─── DATA SHOWN ───

Lemma Blimsup_free_bound_shifts C w : ~ saturation Blimsup w -> exists M,
  forall c i, (c < C)%N -> B (iter i ginv (iter c ginv w)) ->
    (i < N (iter i ginv (iter c ginv w)))%N -> (i < M)%N.
Proof.
move=> nLw; have [|M HM] := @uniform_bound_lt C
  (fun c i => B (iter i ginv (iter c ginv w)) /\
              (i < N (iter i ginv (iter c ginv w)))%N).
- move=> c _; have [|M HM] := @Blimsup_free_bound (iter c ginv w).
    by move=> Lc; apply/nLw/(saturation_iterV ginvK _ c); exact: sub_saturation Lc.
  by exists M => i []; exact: HM.
- by exists M => c i cC Bi iN; exact: HM cC (conj Bi iN).
Qed.

(* The [g]-distance covered by [s] steps of [G] from [Bfwd] to a point whose
   orbit avoids [Blimsup] is bounded: the last step is short because of
   [Blimsup], and the earlier ones by induction. *)
Lemma induced_reach_bounded s w : ~ saturation Blimsup w ->
  exists L, forall j, Bfwd (iter j ginv w) -> iter s G (iter j ginv w) = w ->
    (j < L)%N.
Proof.
move=> nLw; elim: s => [|s [Ls IH]].
  exists 1%N => -[|j] _ //= wE.
  have wg : iter j.+1 g w = w by rewrite -{1}wE iterVK.
  by case: (g_aperiodic (ltn0Sn j) wg).
have [M HM] := Blimsup_free_bound_shifts Ls.+1 nLw.
exists (Ls + M).+1 => j; set b := iter j ginv w => Bb; rewrite iterSr => Hs.
have Nb_gt0 : (0 < N b)%N by exact/N_gt0/Bfwd_sub.
have [Nj|jN] := leqP (N b) j; last first.
  have GbE : G b = iter (N b - j) g w by rewrite /induced_map iter_iterV_ge // ltnW.
  have m_gt0 : (0 < N b - j)%N by rewrite subn_gt0.
  move: Hs (Bfwd_induced Bb); rewrite GbE => Hs Bm.
  by case: (induced_iter_aperiodic m_gt0 Bm Hs).
have GbE : G b = iter (j - N b) ginv w by rewrite /induced_map iter_iterV_le.
have jL : (j - N b < Ls)%N by apply: IH; rewrite -GbE //; exact: Bfwd_induced.
have jE : ((N b).-1 + (j - N b).+1 = j)%N by lia.
have := HM (j - N b).+1 (N b).-1; rewrite ltnS -iterD jE prednK //.
by move=> /(_ jL (Bfwd_sub Bb) (leqnn _)); lia.
Qed.

Lemma Bbwd_preimage y : Bbwd y -> ~ saturation Blimsup y ->
  exists x, [/\ Bbwd x, G x = y & x = iter (N x) ginv y].
Proof.
move=> By nLy; have [M HM] := Blimsup_free_bound_shifts 2 nLy.
pose P n k := Bimg k (iter n ginv y) /\ N (iter n ginv y) = n.
have P_anti i k l : (k <= l)%N -> P i l -> P i k.
  by move=> kl [Bl Ni]; split => //; exact: subset_Bimg kl _ Bl.
have P_cover k : exists i, (i < M.+1)%N /\ P i k.
  have : Bimg k.+1 y by exact: By.
  rewrite Bimg_succ => -[x Bx Gx].
  have xE : x = iter (N x) ginv y by rewrite -Gx /induced_map iterK.
  have Nx_gt0 : (0 < N x)%N by exact/N_gt0/(Bimg_sub Bx).
  exists (N x); split; last by rewrite /P -xE.
  have := HM 1%N (N x).-1 erefl; rewrite -iterD addn1 prednK // -xE.
  by move=> /(_ (Bimg_sub Bx) (leqnn _)).
have [n [_ Pn]] := pigeonhole_antitone P_anti P_cover.
have [_ Nn] := Pn 0%N; exists (iter n ginv y); split; rewrite ?Nn //.
  by move=> k _; have [] := Pn k.
by rewrite /induced_map Nn iterVK.
Qed.

Lemma Bfwd_first_entrance u a : Bfwd (iter a g u) ->
  (forall m, (0 < m)%N -> ~ Bfwd (iter m ginv u)) ->
  exists a', Bfwd_first (iter a' g u).
Proof.
move=> + u_past; elim/ltn_ind: a => a IH Ba.
have [[m [m_gt0 Bm]]|no_past] :=
  pselect (exists m, (0 < m)%N /\ Bfwd (iter m ginv (iter a g u))).
  have [ma|am] := leqP m a.
    by apply: (IH (a - m)%N); [lia | rewrite -(iterV_iter_le gK)].
  by case: (u_past (m - a)%N); [lia | rewrite -(iterV_iter_ge gK) // ltnW].
by exists a; split => // m m_gt0 Bm; apply: no_past; exists m.
Qed.

Lemma Bfwd_recurrent z : zorbit_set g ginv B z ->
  ~ saturation (B `\` Bfwd) z -> ~ saturation Bfwd_first z ->
  forall L, exists2 j, (L <= j)%N & Bfwd (iter j ginv z).
Proof.
move=> Oz nBz nFz L; apply: contrapT => no_visit.
have Bz : saturation Bfwd z.
  case: Oz nBz => n _ [] [b Bb <-] nBz.
  - exists 0%N, n => /=; rewrite iterK //; apply: contrapT => nBb.
    by apply: nBz; apply/(saturation_iter gK _ n); exists 0%N, 0%N.
  - exists n, 0%N => /=; rewrite iterVK //; apply: contrapT => nBb.
    by apply: nBz; apply/(saturation_iterV ginvK _ n); exists 0%N, 0%N.
pose u := iter L ginv z.
have u_past m : (0 < m)%N -> ~ Bfwd (iter m ginv u).
  by move=> _ Bm; apply: no_visit; exists (m + L)%N; rewrite ?leq_addl ?iterD.
have [a Ba] : exists a, Bfwd (iter a g u).
  have [j [k Bjk]] : saturation Bfwd u := iffRL (saturation_iterV ginvK _ L z) Bz.
  have [kj|jk] := leqP k j.
    by exists (j - k)%N; rewrite -(iter_iterV_ge ginvK).
  by case: (u_past (k - j)%N); [lia | rewrite -(iter_iterV_le ginvK) // ltnW].
have [a' Fa'] := Bfwd_first_entrance Ba u_past.
by apply: nFz; apply/(saturation_iterV ginvK _ L)/(saturation_iter gK _ a');
  exists 0%N, 0%N.
Qed.

Section Cover.
Variable z : X.
Hypotheses (Oz : zorbit_set g ginv B z) (nBz : ~ saturation (B `\` Bfwd) z)
  (nFz : ~ saturation Bfwd_first z) (nLz : ~ saturation Blimsup z).

Let z_bound : exists M, forall i,
  B (iter i ginv z) -> (i < N (iter i ginv z))%N -> (i < M)%N.
Proof. by apply: Blimsup_free_bound => Lz; apply/nLz/(sub_saturation g ginv). Qed.

(* A point of [Bfwd] far enough in the past of [z] needs at least [k] steps of
   [G] to jump over [z], by [induced_reach_bounded]. *)
Lemma Bimg_tower_cover k :
  exists i, Bimg k (iter i ginv z) /\ (i < N (iter i ginv z))%N.
Proof.
have [M HM] := z_bound.
have [L HL] : exists L, forall s j, (s < k)%N -> (exists i, [/\ (i < M)%N,
    Bfwd (iter j ginv (iter i ginv z)) &
    iter s G (iter j ginv (iter i ginv z)) = iter i ginv z]) -> (j < L)%N.
  apply: uniform_bound_lt => s _.
  have [L HL] : exists L, forall i j, (i < M)%N ->
      Bfwd (iter j ginv (iter i ginv z)) /\
      iter s G (iter j ginv (iter i ginv z)) = iter i ginv z -> (j < L)%N.
    apply: uniform_bound_lt => i _.
    have [|L HL] := @induced_reach_bounded s (iter i ginv z).
      by move/(saturation_iterV ginvK).
    by exists L => j []; exact: HL.
  by exists L => j [i [iM Bj Hs]]; exact: (HL i).
have [j Lj Bj] := Bfwd_recurrent Oz nBz nFz (L + M).
have [s [i [ij Hs iN]]] := induced_orbit_crossing Bj erefl.
have iM : (i < M)%N by apply: HM; rewrite -Hs //; exact/Bfwd_sub/Bfwd_iter_induced.
exists i; rewrite -Hs; split => //.
have [ks|sk] := leqP k s.
  exists (iter (s - k) G (iter j ginv z)); first exact: Bfwd_iter_induced.
  by rewrite -iterD subnKC.
have jiL : (j - i < L)%N.
  by apply: (HL s _ sk); exists i; split; rewrite // -iterD subnK.
by exfalso; lia.
Qed.

Lemma tower_cover :
  exists i, Bbwd (iter i ginv z) /\ (i < N (iter i ginv z))%N.
Proof.
have [M HM] := z_bound.
pose P i k := Bimg k (iter i ginv z) /\ (i < N (iter i ginv z))%N.
have P_anti i k l : (k <= l)%N -> P i l -> P i k.
  by move=> kl [Bl iN]; split => //; exact: subset_Bimg kl _ Bl.
have P_cover k : exists i, (i < M)%N /\ P i k.
  have [i [Bi iN]] := Bimg_tower_cover k.
  by exists i; split => //; apply: HM => //; exact: Bimg_sub Bi.
have [i [_ Pi]] := pigeonhole_antitone P_anti P_cover.
by exists i; split => [k _|]; [have [] := Pi k | have [] := Pi 0%N].
Qed.

End Cover.

Lemma measurable_zorbit : measurable (zorbit_set g ginv B).
Proof.
apply: bigcupT_measurable => n; apply: measurableU.
- by rewrite (image_iter gK ginvK); exact: mpre_ginv.
- by rewrite (image_iterV gK ginvK); exact: mpre_g.
Qed.

Section Kernel.
Hypotheses (G_ret : {ae nu, forall x, B x -> B (G x)})
  (N_int : (\int[nu]_(x in B) ((N x)%:R : R)%:E < +oo)%E).

Definition Bnull := (B `\` Bfwd) `|` Bfwd_first `|` Blimsup.
(* Let $g \ge h \ge 2$ be integers. There is a constant $C>0$ depending only on $g$ and $h$ such that for every infinite $C_h[g]$ set $A$ of positive integers, $$\liminf_{x \to \infty} A(x)\cdot \frac{(x\log x)^{1/h}}{x} \le C,$$ where $A(x) = |\{a \in A : a \le x\}|$ is the counting function of $A$.
   Context: A set of integers $A$ is called a $C_h[g]$ set if for every set $X$ of $h$ integers there do not exist $g$ distinct integers $k_1,\dots,k_g$ such that $X+k_i \subset A$ for all $i=1,\dots,g$ (here $X+k=\{x+k : x\in X\}$). In words, $A$ contains no $g$ distinct translates of a common $h$-element set. *)

From Stdlib Require Import Reals ZArith List Arith.
Import ListNotations.
Open Scope R_scope.

(* A set of positive integers is encoded by its boolean indicator on nat;
   membership of an integer z in A: z >= 1 and A z. *)
Definition memZ (A : nat -> bool) (z : Z) : Prop :=
  (0 < z)%Z /\ A (Z.to_nat z) = true.

Definition Chg (h g : nat) (A : nat -> bool) : Prop :=
  forall (X K : list Z),
    NoDup X -> length X = h -> NoDup K -> length K = g ->
    ~ (forall k x, In k K -> In x X -> memZ A (x + k)%Z).

Definition infinite_set (A : nat -> bool) : Prop :=
  forall N : nat, exists n, (N < n)%nat /\ A n = true.

Definition count_upto (A : nat -> bool) (N : nat) : nat :=
  length (filter A (seq 1 N)).

Definition countR (A : nat -> bool) (x : R) : R :=
  INR (count_upto A (Z.to_nat (Int_part x))).

(* liminf_{x -> +oo} f x <= C, unfolded *)
Definition liminf_le (f : R -> R) (C : R) : Prop :=
  forall eps : R, 0 < eps -> forall M : R, exists x : R, M < x /\ f x < C + eps.

(* Write [h = k + 1] and [w_T(t) = |A ∩ (t, t + T]|]. The [h]-tuples of distinct elements
   of [(0, T]] lying in [A - t] are counted at most [g - 1] times over the shifts [t], so the
   [C_h[g]] property gives [sum_(t < Y) w_T(t)^h <= 2 g T^h + O_h(Y)]. Choose [rho] with
   [rho^h = 2^-k] and weight [n] by [rho^(log2 n)]: Hölder's inequality bounds
   [F = sum_(2^p <= n < 2^J, n in A) rho^(log2 n)] by [F^h = O(J^k)] when [J = h p].
   If the liminf exceeded [C], then eventually [C^h N^k <= A(N)^h log N], so
   [rho^j A(2^j) >= C (2^k J)^(-1/h)] for [p < j <= J], and Abel summation gives
   [F >> C J^(k/h)], which contradicts the upper bound once [C] is large. *)

From Stdlib Require Import Reals ZArith List Arith.
From Stdlib Require Import Lia Lra FinFun Classical.
Import ListNotations.
Open Scope R_scope.

Section Counting.
Local Open Scope nat_scope.
Local Open Scope bool_scope.

Fixpoint tuples (s : list nat) (n : nat) : list (list nat) :=
  match n with
  | 0 => [[]]
  | S n => flat_map (fun x => map (cons x) (tuples s n)) s
  end.

Fixpoint nodupb (l : list nat) : bool :=
  match l with
  | [] => true
  | x :: l => negb (existsb (Nat.eqb x) l) && nodupb l
  end.

Definition countb {X} (P : X -> bool) (l : list X) : nat :=
  list_sum (map (fun x => if P x then 1 else 0) l).

Lemma nodupb_NoDup l : nodupb l = true -> NoDup l.
Proof.
  induction l as [|x l IH]; simpl; intros H; [constructor|].
  apply andb_prop in H as [Hx Hl]. constructor; auto.
  intros Hin. apply Bool.negb_true_iff in Hx.
  enough (existsb (Nat.eqb x) l = true) by congruence.
  apply existsb_exists. exists x. split; auto. apply Nat.eqb_refl.
Qed.

Lemma tuples_In s n o :
  In o (tuples s n) -> length o = n /\ forall x, In x o -> In x s.
Proof.
  revert o; induction n as [|n IH]; simpl; intros o H.
  - destruct H as [<-|[]]. split; auto. intros _ [].
  - apply in_flat_map in H as [x [Hx H]]. apply in_map_iff in H as [o' [<- Ho']].
    destruct (IH _ Ho') as [Hlen Hin]. simpl. split; auto. intros y [->|Hy]; auto.
Qed.

Lemma list_sum_map_le {X} (f g : X -> nat) l :
  (forall x, In x l -> f x <= g x) -> list_sum (map f l) <= list_sum (map g l).
Proof.
  induction l as [|a l IH]; simpl; intros H; auto.
  specialize (IH (fun x Hx => H x (or_intror Hx))). specialize (H a (or_introl eq_refl)). lia.
Qed.

Lemma list_sum_map_add {X} (f g : X -> nat) l :
  list_sum (map (fun x => f x + g x) l) = list_sum (map f l) + list_sum (map g l).
Proof. induction l; simpl; lia. Qed.

Lemma list_sum_map_scal {X} (c : nat) (f : X -> nat) l :
  list_sum (map (fun x => c * f x) l) = c * list_sum (map f l).
Proof. induction l; simpl; lia. Qed.

Lemma list_sum_map_const {X} (c : nat) (l : list X) :
  list_sum (map (fun _ => c) l) = c * length l.
Proof. induction l; simpl; lia. Qed.

Lemma list_sum_map_flat_map {X Y} (f : Y -> nat) (g : X -> list Y) l :
  list_sum (map f (flat_map g l)) = list_sum (map (fun x => list_sum (map f (g x))) l).
Proof. induction l; simpl; auto. rewrite map_app, list_sum_app. lia. Qed.

Lemma list_sum_map_swap {X Y} (f : X -> Y -> nat) l1 l2 :
  list_sum (map (fun x => list_sum (map (f x) l2)) l1) =
  list_sum (map (fun y => list_sum (map (fun x => f x y) l1)) l2).
Proof.
  induction l1 as [|a l1 IH]; simpl.
  - induction l2; simpl; auto.
  - rewrite IH, <- list_sum_map_add. reflexivity.
Qed.
Lemma phi_coefL f (U : seq (seq nat)) : uniq U -> {subset [seq nmon t.1 | t <- f] <= U} ->
  phi f = \sum_(mu <- U) (coefL f mu)%:~R * phi_mon mu.
Proof.
move=> uU sub; rewrite /phi.
transitivity (\sum_(t <- f) \sum_(mu <- U) (if nmon t.1 == mu then t.2 else 0)%:~R * phi_mon mu).
  apply: eq_big_seq => t tf.
  have inU : nmon t.1 \in U by apply: sub; apply/mapP; exists t.
  rewrite [RHS](bigD1_seq (nmon t.1)) //= eqxx [X in _ = _ + X]big1 ?addr0 ?phi_mon_nmon //.
  by move=> mu /negbTE; rewrite eq_sym => ->; rewrite mul0r.
rewrite exchange_big /=; apply: eq_bigr => mu _.
rewrite /coefL -mulr_suml rmorph_sum [in RHS]big_mkcond /=; congr (_ * _).
by apply: eq_bigr => t _; case: ifP.
Qed.

Lemma phi_lam_eq f g : lam_eq f g -> phi f = phi g.
Proof.
move=> Efg; set U := undup ([seq nmon t.1 | t <- f] ++ [seq nmon t.1 | t <- g]).
have uU : uniq U by apply: undup_uniq.
rewrite (@phi_coefL f U) ?(@phi_coefL g U) //.
- by apply: eq_bigr => mu _; rewrite Efg.
- by move=> mu mi; rewrite mem_undup mem_cat mi orbT.
- by move=> mu mi; rewrite mem_undup mem_cat mi.
Qed.

Lemma lam_comb_cons pc cs : lam_comb (pc :: cs) = scaleL pc.2 (schur pc.1) ++ lam_comb cs.
Proof. by []. Qed.

Lemma coefL_lam_comb cs mu :
  coefL (lam_comb cs) mu = \sum_(pc <- cs) pc.2 * coefL (schur pc.1) mu.
Proof.
elim: cs => [|pc cs IH]; first by rewrite big_nil coefL_nil.
by rewrite lam_comb_cons coefL_cat coefL_scaleL IH big_cons.
Qed.

Lemma phi_lam_comb cs : phi (lam_comb cs) = \sum_(pc <- cs) pc.2%:~R * phi (schur pc.1).
Proof.
elim: cs => [|pc cs IH]; first by rewrite big_nil /phi big_nil.
by rewrite lam_comb_cons phi_cat phi_scaleL IH big_cons.
Qed.

Definition in_Zx (y : Rab) := exists (k : int) (q : Rab), y = k%:~R + xZ * q.

Lemma in_Zx_int (k : int) : in_Zx k%:~R.
Proof. by exists k, 0; rewrite mulr0 addr0. Qed.

Lemma in_Zx_add y z : in_Zx y -> in_Zx z -> in_Zx (y + z).
Proof. by move=> [k1 [q1 ->]] [k2 [q2 ->]]; exists (k1 + k2), (q1 + q2); rewrite intrD; ring. Qed.

Lemma in_Zx_mul y z : in_Zx y -> in_Zx z -> in_Zx (y * z).
Proof.
move=> [k1 [q1 ->]] [k2 [q2 ->]].
by exists (k1 * k2), (k1%:~R * q2 + q1 * (k2%:~R + xZ * q2)); rewrite intrM; ring.
Qed.

Lemma in_Zx_lam_x k : in_Zx (lam_x k).
Proof.
case: k => [|k]; first by exists 1, 0; rewrite lam_x0 mulr0 addr0.
by exists 0, (bZ ^+ k); rewrite lam_xS add0r.
Qed.

Lemma in_Zx_phi f : in_Zx (phi f).
Proof.
apply: (big_ind in_Zx); [by exists 0, 0; rewrite mulr0 addr0 | exact: in_Zx_add | move=> t _].
apply: in_Zx_mul; first exact: in_Zx_int.
apply: (big_ind in_Zx); [by exists 1, 0; rewrite mulr0 addr0 | exact: in_Zx_mul |].
by move=> k _; apply: in_Zx_lam_x.
Qed.
(* Let $X$ be a metric continuum with metric $\rho\le 1$, and let $a,b,c\subset X$ be nonempty closed sets with $a\cap b\cap c=\emptyset$. Define $f:X\to\mathbb{R}^3$ by $f(p)=(\kappa_a(p),\kappa_b(p),\kappa_c(p))$ with $\kappa_a(p)=\rho(p,a)/(\rho(p,a)+\rho(p,b)+\rho(p,c))$ and $\kappa_b,\kappa_c$ analogous. Let $T=\{(t_1,t_2,t_3):t_i\ge0,\ t_1+t_2+t_3=1\}$, $\partial T$ its boundary (relative to the plane $t_1+t_2+t_3=1$), and $h:\partial T\times[0,1]\to T$, $h(v,t)=(1-t)v+t(\tfrac13,\tfrac13,\tfrac13)$. Let $X'=\{(p,v,t)\in X\times\partial T\times[0,1]: h(v,t)=f(p)\}$ and $q:X'\to X$, $q(p,v,t)=p$. Let $A$, $B$, $C$ be the sides of $T$ opposite to $(1,0,0)$, $(0,1,0)$, $(0,0,1)$ respectively, and put $x=X'\cap(X\times A\times[0,1])$, $y=X'\cap(X\times B\times[0,1])$, $z=X'\cap(X\times C\times[0,1])$. Then $X'$ is a metric continuum, $q$ is a continuous closed monotone surjection (all fibres are connected), and $q^{-1}(a)\subset x$, $q^{-1}(b)\subset y$, $q^{-1}(c)\subset z$, $x\cap y\cap z=\emptyset$ and $x\cup y\cup z=X'$.
   Context: A metric continuum is a compact connected metric space. $\rho(p,a)$ denotes the distance from the point $p$ to the set $a$. A map is monotone if all its point-inverses are connected. *)

From HB Require Import structures.
From mathcomp Require Import all_boot all_order all_algebra.
From mathcomp Require Import all_classical all_reals all_analysis.
Set Implicit Arguments. Unset Strict Implicit. Unset Printing Implicit Defensive.
Import Order.TTheory GRing.Theory Num.Theory.
Import numFieldNormedType.Exports.
Local Open Scope classical_set_scope.
Local Open Scope ring_scope.

Section Defs.
Variable R : realType.

Definition rho (X : metricType R) (p : X) (a : set X) : R :=
  inf [set mdist p y | y in a].

Definition kappa (X : metricType R) (a b c : set X) (p : X) : R :=
  rho p a / (rho p a + rho p b + rho p c).

Definition fmap (X : metricType R) (a b c : set X) (p : X) : 'rV[R]_3 :=
  \row_(i < 3) (if val i == 0%N then kappa a b c p
                else if val i == 1%N then kappa b c a p
                else kappa c a b p).

Definition plane3 : set 'rV[R]_3 := [set v | \sum_(i < 3) v ord0 i = 1].

Definition simplexT : set 'rV[R]_3 :=
  [set v | (forall i, 0 <= v ord0 i) /\ \sum_(i < 3) v ord0 i = 1].

Definition rel_interior (P S : set 'rV[R]_3) : set 'rV[R]_3 :=
  [set v | P v /\ exists2 e : R, 0 < e & forall w, P w -> ball v e w -> S w].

───

GOAL OF THE EXERCISE: Pull from the data each line where the string "iterK" turns up.

SOLUTION TO THIS TASK:
  have xE : x = iter (N x) ginv y by rewrite -Gx /induced_map iterK.
  - exists 0%N, n => /=; rewrite iterK //; apply: contrapT => nBb.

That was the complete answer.